# how to get water out of chainsaw cylinder



## Bob DiGiacomo (Jan 15, 2009)

Compression is 125, good spark, I spray starter fluid in the sparkplug and no pop what so ever. I think there is water inside the cylinder how can I get it out? I removed the muffer and blew it out with compressed air, but still no pop. It is a poulan chainsaw. I'm thinking there is just too much moisture for it to start?


----------



## 30yearTech (Sep 14, 2006)

Compressed air into the cylinder is usually a good way to expel moisture from the cylinder and crankcase. I would take a look at the flywheel to make sure the key is intact and not sheared. The only other thing might be a massive air leak, make sure crankshaft seal(s) are in place.

You can usually tell if moisture is causing an issue, it will collect on the spark plug electrode. After trying to start, remove plug and inspect for water.
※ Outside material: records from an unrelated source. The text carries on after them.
Lemma oocf_tail_mobius (i m : nat) : (1 <= i)%nat ->
  1 - / oocf_tail a e i m = mobius (oocf_mat a e i m) 1.
Proof.
  revert i. induction m as [|m IH]; intros i Hi; simpl.
  - rewrite mobius_oocf_branch_mat_tail by (auto || lra).
    replace (1 + 1) with 2 by ring. reflexivity.
  - assert (Hc : 0 < mobius (oocf_mat a e (S i) m) 1)
      by (apply mobius_pos; [apply oocf_mat_nonneg_unimodular; lia | lra]).
    rewrite mobius_mul, mobius_oocf_branch_mat_tail, <- IH by
      first [lia | lra | assumption | apply oocf_digit_a_e; lia
            | apply oocf_branch_mat_nonneg_unimodular, oocf_digit_a_e; lia
            | apply oocf_mat_nonneg_unimodular; lia].
    replace (1 + (1 - / oocf_tail a e (S i) m)) with (2 - / oocf_tail a e (S i) m) by ring.
    reflexivity.
Qed.

Section Orbit.

Variable y : nat -> R.
Hypothesis oocf_orbit_step : forall n : nat, (1 <= n)%nat ->
  oocf_B (a n) (e n) (y (n - 1)%nat) /\ y n = oocf_T_branch (a n) (e n) (y (n - 1)%nat).
Hypothesis irrational_y0 : irrational (y O).

Lemma oocf_orbit_pred (n : nat) : (1 <= n)%nat ->
  y (n - 1)%nat = mobius (oocf_branch_mat (a n) (e n)) (y n).
Proof.
  intros Hn. destruct (oocf_orbit_step n Hn) as [HB ->].
  symmetry. apply mobius_oocf_branch_mat; auto.
Qed.

Lemma oocf_orbit_irrational (n : nat) : irrational (y n).
Proof.
  induction n as [|n IH]; [exact irrational_y0|].
  apply (irrational_mobius (oocf_branch_mat (a (S n)) (e (S n)))).
  rewrite <- oocf_orbit_pred by lia. replace (S n - 1)%nat with n by lia. exact IH.
Qed.

Lemma oocf_orbit_pos (n : nat) : 0 < y n.
Proof.
  destruct (oocf_orbit_step (S n)) as [HB _]; [lia|]. replace (S n - 1)%nat with n in HB by lia.
  pose proof (oocf_B_nonneg _ _ _ (oocf_digit_a_e (S n) ltac:(lia)) HB).
  pose proof (irrational_neq_IZR _ 0 (oocf_orbit_irrational n)). simpl in *. lra.
Qed.
Lemma kernel_family_step E fam :
  {in fam, forall p, alpha * p \is E.-homog} -> free_modn I fam ->
  exists fam' : seq P, [/\ size fam' = (size fam + \rank (V *m degproj E))%N,
    {in fam', forall p, p \is E.-homog} & free_modn I fam'].
Proof.
move=> hom_fam free_fam; set G := row_base (V *m degproj E).
have G_sub : (G <= V *m degproj E)%MS by rewrite eq_row_base.
have G_kernel i := degproj_kernel (submx_trans (row_sub i G) G_sub).
have G_deg i k : mdeg (bmon k) != E -> G i k = 0.
  by have [_ _ /(_ k)] := G_kernel i; rewrite mxE.
have [Phi [hom_Phi dual_Phi]] := dual_family charK0 (row_base_free _) G_deg.
exists (map (fun p => alpha * p) fam ++ map Phi (enum 'I_(\rank (V *m degproj E)))).
split; first by rewrite size_cat !size_map -enumT size_enum_ord.
  by move=> p; rewrite mem_cat => /orP[/mapP[q /hom_fam ? ->] | /mapP[j _ ->]].
by apply: free_modn_extend dual_Phi => // i; have [] := G_kernel i.
Qed.

Lemma kernel_family E : exists fam : seq P,
  [/\ size fam = (\sum_(e < E.+1) \rank (V *m degproj e))%N,
      {in fam, forall p, p \is E.-homog} & free_modn I fam].
Proof.
elim: E => [|E [fam [size_fam hom_fam free_fam]]].
  have hom_nil : {in [::], forall p : P, alpha * p \is 0.-homog} by [].
  have free_nil : free_modn I [::] by move=> ? ? ?.
  have [fam [size_fam hom_fam free_fam]] := kernel_family_step hom_nil free_nil.
  by exists fam; rewrite big_ord1.
have hom_afam : {in fam, forall p, alpha * p \is E.+1.-homog}.
  by move=> p /hom_fam; apply: dhomogM homa.
have [fam' [size_fam' hom_fam' free_fam']] := kernel_family_step hom_afam free_fam.
by exists fam'; rewrite big_ord_recr /= -size_fam.
Qed.

End GradedKernel.

Section DiffBasis.
Variable s : seq P.
Hypothesis s_Diff : {in s, forall G, Diff F G}.

Lemma msize_nth_Diff i : (msize s`_i <= B)%N.
Proof.
case: (ltnP i (size s)) => [lt_is | le_si]; last by rewrite nth_default ?msize0.
exact/(Diff_msize homF)/s_Diff/mem_nth.
Qed.

Lemma rowpoly_mul_coefmx (y : 'rV_(size s)) :
  rowpoly (y *m coefmx s) = \sum_i y 0 i *: s`_i.
Proof.
rewrite rowpoly_mul; apply: eq_bigr => i _.
by rewrite row_coefmx coefrowK ?msize_nth_Diff.
Qed.

Lemma Diff_rowpoly_coefmx (y : 'rV_(size s)) : Diff F (rowpoly (y *m coefmx s)).
Proof.
by rewrite rowpoly_mul_coefmx; apply: Diff_sum => i _; apply/DiffZ/s_Diff/mem_nth.
Qed.

Lemma coefmx_row_free : free_mod (@zero_sp K n) s -> row_free (coefmx s).
Proof.
move=> free_s; apply/inj_row_free => y /(congr1 rowpoly).
rewrite rowpoly_mul_coefmx linear0 => /(free_s (fun i => y 0 i)) y0.
by apply/rowP => i; rewrite mxE y0.
Qed.

Lemma coefmx_kernel x : (x <= coefmx s :&: kermx (apolarmx alpha))%MS ->
  Diff F (rowpoly x) /\ apolar alpha (rowpoly x) = 0.
Proof.
move=> x_ker; have /sub_kermxP x_alpha := submx_trans x_ker (capmxSr _ _).
have /submxP [y x_y] := submx_trans x_ker (capmxSl _ _).
have Diff_x : Diff F (rowpoly x) by rewrite x_y; apply: Diff_rowpoly_coefmx.
have Diff_ax : Diff F (apolar alpha (rowpoly x)) by apply: Diff_apolar.
split=> //; rewrite -(coefrowK (Diff_msize homF Diff_ax)).
by rewrite -coefrow_apolar ?(Diff_msize homF) // rowpolyK x_alpha linear0.
Qed.

Lemma rank_apolar_image_le alaF : apolar_length (apolar alpha F) alaF ->
  (\rank (coefmx s *m apolarmx alpha) <= alaF)%N.
Proof.
move=> [_ maxDa]; set A := coefmx s *m apolarmx alpha.
pose f j := apolar alpha s`_(maxrankfun A j).
have free_f : free_modn (@zero_sp K n) (map f (enum 'I_(\rank A))).
  apply: (free_modn_rows (maxrowsub_free A)) => j.
  by rewrite row_rowsub row_mul row_coefmx coefrow_apolar ?msize_nth_Diff.
rewrite -(size_enum_ord (\rank A)) -(size_map f).
apply: maxDa (free_modnW free_f) => _ /mapP [j _ ->].
exact/apolar_Diff/s_Diff/mem_nth.
Qed.

Lemma rank_apolar_kernel_le degI : zero_dim_of_degree I degI ->
  (\rank (coefmx s :&: kermx (apolarmx alpha)) <= degI)%N.
Proof.
move=> [t0 HF_I]; set V := (coefmx s :&: kermx (apolarmx alpha))%MS.
pose N := maxn t0 d; have [_ maxI] := HF_I N (leq_maxl _ _).
have [fam [size_fam hom_fam free_fam]] := kernel_family coefmx_kernel d.
have : (size (map (fun p => alpha ^+ (N - d) * p)%R fam) <= degI)%N.
  apply: maxI => [_ /mapP [p /hom_fam hom_p ->] | ].
    by have := dhomogM (dhomogMn (N - d) homa) hom_p; rewrite mul1n subnK ?leq_maxr.
  apply: free_modnW => a; rewrite lincomb_mapMl size_map => /I_colon_expr.
  exact: free_fam.
rewrite size_map size_fam; apply: leq_trans.
by rewrite -{1}(mulmx1 V) -sum_degproj mulmx_sumr mxrank_sum_le.
Qed.

End DiffBasis.

Lemma apolar_length_le alF alaF degI : zero_dim_of_degree I degI ->
  apolar_length F alF -> apolar_length (apolar alpha F) alaF -> (alF <= degI + alaF)%N.
Proof.
move=> zdI [[s [<- [s_Diff free_s]]] _] alaF_max.
have := mxrank_mul_ker (coefmx s) (apolarmx alpha).
rewrite (eqnP (coefmx_row_free s_Diff free_s)) => <-.
by rewrite addnC leq_add ?rank_apolar_image_le ?rank_apolar_kernel_le.
Qed.

End ApolarLengthBound.

Theorem mainTheorem3 (K : closedFieldType) (charK0 : [pchar K] =i pred0)
  (n d : nat) (F : {mpoly K[n]}) (alpha : {mpoly K[n]})
  (I : {mpoly K[n]} -> Prop) (degI alF alaF : nat) :
  F \is d.-homog ->
  alpha \is 1.-homog ->
  is_homogeneous_ideal I ->
  is_saturated I ->
  (forall Theta, I Theta -> perp F Theta) ->
  zero_dim_of_degree I degI ->
  (forall p, I (alpha * p) -> I p) ->
  apolar_length F alF ->
  apolar_length (apolar alpha F) alaF ->
  (alF <= degI + alaF)%N.
Proof.
move=> homF homa [idealI _] _ I_perp zdI I_colon lenF lenaF.
exact (apolar_length_le charK0 homF homa idealI I_perp I_colon zdI lenF lenaF).
Qed.
Lemma is_series_zero : is_series (fun _ => 0) 0.
Proof.
  apply is_series_fsumP. intros eps Heps. exists O. intros n _.
  rewrite fsum_const, Rmult_0_r, Rminus_0_r, Rabs_R0; auto.
Qed.

Lemma is_series_fsum (g : nat -> nat -> R) (L : nat -> R) N :
  (forall j, is_series (g j) (L j)) ->
  is_series (fun k => fsum (fun j => g j k) N) (fsum L N).
Proof.
  intros Hg. induction N as [|N IH]; simpl.
  - exact is_series_zero.
  - exact (is_series_plus _ _ _ _ IH (Hg N)).
Qed.

Lemma is_series_pos (a : nat -> R) l : is_series a l -> (forall k, 0 < a k) -> 0 < l.
Proof.
  intros Ha Hpos.
  assert (Htail : is_series (fun k => a (S k)) (l - a O)).
  { apply (is_series_incr_1 a). unfold plus; simpl.
    replace (l - a O + a O)%R with l by lra. exact Ha. }
  assert (Hle : Series (fun _ => 0) <= Series (fun k => a (S k))).
  { apply Series_le; [intros k; specialize (Hpos (S k)); lra | eexists; exact Htail]. }
  rewrite (is_series_unique _ _ is_series_zero), (is_series_unique _ _ Htail) in Hle.
  specialize (Hpos O). lra.
Qed.

Lemma eq0_of_geom_bound x C r : 0 <= r < 1 -> (forall L, Rabs x <= C * r ^ L) -> x = 0.
Proof.
  intros Hr Hx. destruct (Req_dec x 0) as [|Hx0]; auto. exfalso.
  pose proof (Rabs_pos_lt x Hx0) as Hax.
  assert (HC : 0 < C) by (specialize (Hx O); rewrite pow_O, Rmult_1_r in Hx; lra).
  destruct (pow_lt_1_zero r ltac:(rewrite Rabs_pos_eq; lra) (Rabs x / C)) as [N HN].
  { apply Rdiv_lt_0_compat; auto. }
  specialize (HN N (le_n _)). specialize (Hx N).
  rewrite Rabs_pos_eq in HN by (apply pow_le; lra).
  apply (Rmult_lt_compat_l C) in HN; auto.
  replace (C * (Rabs x / C)) with (Rabs x) in HN by (field; lra). lra.
Qed.

Definition odd_pi (k : nat) : R := (2 * INR k + 1) * PI.

Lemma odd_pi_ge1 k : 1 <= odd_pi k.
Proof. unfold odd_pi. pose proof (pos_INR k). pose proof PI2_3_2. nra. Qed.

(* [node n k], [k < n], are the arguments of the [n]-th roots of [-1]. *)
Definition node (n k : nat) : R := odd_pi k / INR n.

Definition cos_node_sum (n m : nat) : R := fsum (fun k => cos (INR m * node n k)) n.

Lemma cos_node_sum_eq0 n m : (0 < m < n)%nat -> cos_node_sum n m = 0.
Proof.
  intros Hm. unfold cos_node_sum.
  set (th := INR m * PI / INR n).
  assert (Hn : 0 < INR n) by (apply lt_0_INR; lia).
  assert (Hth : 0 < th < PI).
  { assert (0 < INR m) by (apply lt_0_INR; lia).
    assert (INR m < INR n) by (apply lt_INR; lia).
    pose proof PI_RGT_0. unfold th. split; [apply Rdiv_lt_0_compat; nra|].
    apply Rmult_lt_reg_r with (INR n); auto. field_simplify; nra. }
  assert (Hs : 0 < sin th) by (apply sin_gt_0; lra).
  apply Rmult_eq_reg_l with (2 * sin th); [|lra]. rewrite Rmult_0_r, <- fsum_scal.
  (* 2 sin(th) cos((2k+1) th) = sin(2(k+1) th) - sin(2k th) telescopes *)
  rewrite (fsum_ext _ (fun k => (fun j => sin (2 * INR j * th)) (S k) - (fun j => sin (2 * INR j * th)) k)).
  - rewrite (fsum_telescope (fun j => sin (2 * INR j * th))). simpl. rewrite Rmult_0_r, Rmult_0_l, sin_0.
    apply Rminus_diag_eq, sin_eq_0_1. exists (2 * Z.of_nat m)%Z.
    rewrite mult_IZR, <- INR_IZR_INZ. unfold th. field. lra.
  - intros i _. rewrite S_INR. unfold node, odd_pi.
    replace (INR m * ((2 * INR i + 1) * PI / INR n)) with ((2 * INR i + 1) * th) by (unfold th; field; lra).
    replace (2 * (INR i + 1) * th) with ((2 * INR i + 1) * th + th) by ring.
    replace (2 * INR i * th) with ((2 * INR i + 1) * th - th) by ring.
    rewrite sin_plus, sin_minus. ring.
Qed.

Lemma cos_node_sum_0 n : cos_node_sum n 0 = INR n.
Proof.
  unfold cos_node_sum. rewrite (fsum_ext _ (fun _ => 1)), fsum_const; [lra|].
  intros; simpl; rewrite Rmult_0_l; apply cos_0.
Qed.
Best of Luck....:thumbsup:


----------



## Bob DiGiacomo (Jan 15, 2009)

Well, I let the saw sit for a day upside down with the muffler off and the spark plug out. When I retested today there was surely a pop. Thanks for the help. I guess it was too wet last night. I also checked the flywheel key and the crankseal gasket and they were in working order. I was wondering what the best way to remove the flywheel is I put rope in the sparkplug hole to allow me to take off the flywheel nut, but how do you pop off the flywheel if it is stuck on. I had to really carefully pry with my screw driver for about 10 minutes and keep spraying with fluid film until it broke loose. My 3 jaw puller would not fit under the flywheel in such a tight spot. Thanks Bob


----------



## 30yearTech (Sep 14, 2006)

Bob DiGiacomo said:


> Well, I let the saw sit for a day upside down with the muffler off and the spark plug out. When I retested today there was surely a pop. Thanks for the help. I guess it was too wet last night. I also checked the flywheel key and the crankseal gasket and they were in working order. I was wondering what the best way to remove the flywheel is I put rope in the sparkplug hole to allow me to take off the flywheel nut, but how do you pop off the flywheel if it is stuck on. I had to really carefully pry with my screw driver for about 10 minutes and keep spraying with fluid film until it broke loose. My 3 jaw puller would not fit under the flywheel in such a tight spot. Thanks Bob


I usually just tap on the counter balance side with a hard plastic or brass hammer while suspending the flywheel in hand, and they usually pop right off.


----------



## Bob DiGiacomo (Jan 15, 2009)

Well, I rebuilt the carb and the saw would not pop again. I removed the muffler and it popped. So I took the muffler apart and found all kinds of dirt and rust in there that was trapping in moisture. After cleaning the muffler it took care of my problem. Just wanted to post to help someone out. Take care, Bob


----------